Your instructions — Lines that contain "Definition" are to be copied from the material, every one of them.
(Data records)
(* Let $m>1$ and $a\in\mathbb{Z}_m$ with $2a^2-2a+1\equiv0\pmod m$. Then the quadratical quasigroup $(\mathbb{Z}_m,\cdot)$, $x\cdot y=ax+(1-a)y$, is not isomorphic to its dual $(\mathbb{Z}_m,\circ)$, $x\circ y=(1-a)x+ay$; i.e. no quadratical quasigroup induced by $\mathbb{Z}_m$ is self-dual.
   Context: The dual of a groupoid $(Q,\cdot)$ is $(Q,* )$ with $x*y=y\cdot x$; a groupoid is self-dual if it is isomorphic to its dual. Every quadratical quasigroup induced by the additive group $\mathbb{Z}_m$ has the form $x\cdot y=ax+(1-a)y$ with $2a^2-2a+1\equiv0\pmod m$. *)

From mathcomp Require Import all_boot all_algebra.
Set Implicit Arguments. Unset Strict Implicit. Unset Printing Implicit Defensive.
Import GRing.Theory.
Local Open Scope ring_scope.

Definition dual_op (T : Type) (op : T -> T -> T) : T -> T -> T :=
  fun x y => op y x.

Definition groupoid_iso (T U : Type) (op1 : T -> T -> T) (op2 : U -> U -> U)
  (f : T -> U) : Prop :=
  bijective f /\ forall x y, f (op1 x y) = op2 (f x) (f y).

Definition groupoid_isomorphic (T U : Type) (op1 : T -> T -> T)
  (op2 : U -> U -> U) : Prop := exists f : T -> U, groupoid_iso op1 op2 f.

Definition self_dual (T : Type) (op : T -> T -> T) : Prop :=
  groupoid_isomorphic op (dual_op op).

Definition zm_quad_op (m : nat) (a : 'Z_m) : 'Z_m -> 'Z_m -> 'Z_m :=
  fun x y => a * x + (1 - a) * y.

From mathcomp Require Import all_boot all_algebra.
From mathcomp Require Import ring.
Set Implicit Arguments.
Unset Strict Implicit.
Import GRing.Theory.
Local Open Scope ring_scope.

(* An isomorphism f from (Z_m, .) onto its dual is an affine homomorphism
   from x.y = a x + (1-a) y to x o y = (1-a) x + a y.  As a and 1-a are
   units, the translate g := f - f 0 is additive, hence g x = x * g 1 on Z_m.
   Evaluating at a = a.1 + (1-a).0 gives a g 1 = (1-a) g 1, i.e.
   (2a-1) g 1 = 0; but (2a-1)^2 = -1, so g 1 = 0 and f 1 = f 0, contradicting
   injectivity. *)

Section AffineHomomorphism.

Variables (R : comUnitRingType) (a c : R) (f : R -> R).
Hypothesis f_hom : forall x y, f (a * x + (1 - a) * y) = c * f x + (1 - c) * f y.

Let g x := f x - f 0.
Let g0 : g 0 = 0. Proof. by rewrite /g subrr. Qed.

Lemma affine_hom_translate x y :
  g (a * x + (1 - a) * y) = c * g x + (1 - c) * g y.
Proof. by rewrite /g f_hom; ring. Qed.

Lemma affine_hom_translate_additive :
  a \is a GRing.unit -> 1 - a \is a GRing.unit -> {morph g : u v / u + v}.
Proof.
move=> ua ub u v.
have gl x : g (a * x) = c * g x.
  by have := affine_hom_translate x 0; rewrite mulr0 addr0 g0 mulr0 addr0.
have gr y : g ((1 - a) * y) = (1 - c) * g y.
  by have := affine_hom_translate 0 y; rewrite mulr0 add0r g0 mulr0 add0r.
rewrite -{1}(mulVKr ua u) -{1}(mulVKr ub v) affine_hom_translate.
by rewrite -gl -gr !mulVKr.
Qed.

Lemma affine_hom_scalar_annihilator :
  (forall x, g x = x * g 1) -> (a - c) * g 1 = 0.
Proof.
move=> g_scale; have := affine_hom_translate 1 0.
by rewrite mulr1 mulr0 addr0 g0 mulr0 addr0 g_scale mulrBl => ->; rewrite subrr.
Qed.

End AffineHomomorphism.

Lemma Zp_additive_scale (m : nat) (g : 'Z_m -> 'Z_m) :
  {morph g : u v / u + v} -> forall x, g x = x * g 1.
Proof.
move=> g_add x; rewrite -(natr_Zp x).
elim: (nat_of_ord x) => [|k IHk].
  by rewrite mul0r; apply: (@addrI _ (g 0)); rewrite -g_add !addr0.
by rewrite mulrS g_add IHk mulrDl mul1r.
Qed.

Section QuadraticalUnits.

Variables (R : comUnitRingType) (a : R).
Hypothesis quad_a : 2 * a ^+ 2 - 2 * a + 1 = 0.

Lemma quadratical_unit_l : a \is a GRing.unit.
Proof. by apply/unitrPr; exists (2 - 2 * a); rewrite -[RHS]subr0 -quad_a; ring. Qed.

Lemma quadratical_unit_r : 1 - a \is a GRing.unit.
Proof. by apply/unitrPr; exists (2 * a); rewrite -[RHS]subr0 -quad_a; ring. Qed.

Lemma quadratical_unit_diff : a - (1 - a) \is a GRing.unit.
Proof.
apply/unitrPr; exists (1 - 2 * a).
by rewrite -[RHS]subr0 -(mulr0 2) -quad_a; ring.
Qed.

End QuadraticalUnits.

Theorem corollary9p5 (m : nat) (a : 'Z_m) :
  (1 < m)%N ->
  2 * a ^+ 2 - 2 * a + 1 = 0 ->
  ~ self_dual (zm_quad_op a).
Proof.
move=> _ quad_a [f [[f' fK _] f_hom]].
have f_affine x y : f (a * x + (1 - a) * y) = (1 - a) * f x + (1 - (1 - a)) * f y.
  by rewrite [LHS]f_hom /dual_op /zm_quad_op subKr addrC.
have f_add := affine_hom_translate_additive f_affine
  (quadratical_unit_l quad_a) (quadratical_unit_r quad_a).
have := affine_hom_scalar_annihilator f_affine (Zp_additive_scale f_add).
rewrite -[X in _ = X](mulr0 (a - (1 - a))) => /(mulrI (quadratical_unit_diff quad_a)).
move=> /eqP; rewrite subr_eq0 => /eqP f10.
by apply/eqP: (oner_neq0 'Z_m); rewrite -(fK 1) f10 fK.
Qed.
(End Data records)
Output for this exercise —
Definition dual_op (T : Type) (op : T -> T -> T) : T -> T -> T :=
Definition groupoid_iso (T U : Type) (op1 : T -> T -> T) (op2 : U -> U -> U)
Definition groupoid_isomorphic (T U : Type) (op1 : T -> T -> T)
Definition self_dual (T : Type) (op : T -> T -> T) : Prop :=
Definition zm_quad_op (m : nat) (a : 'Z_m) : 'Z_m -> 'Z_m -> 'Z_m :=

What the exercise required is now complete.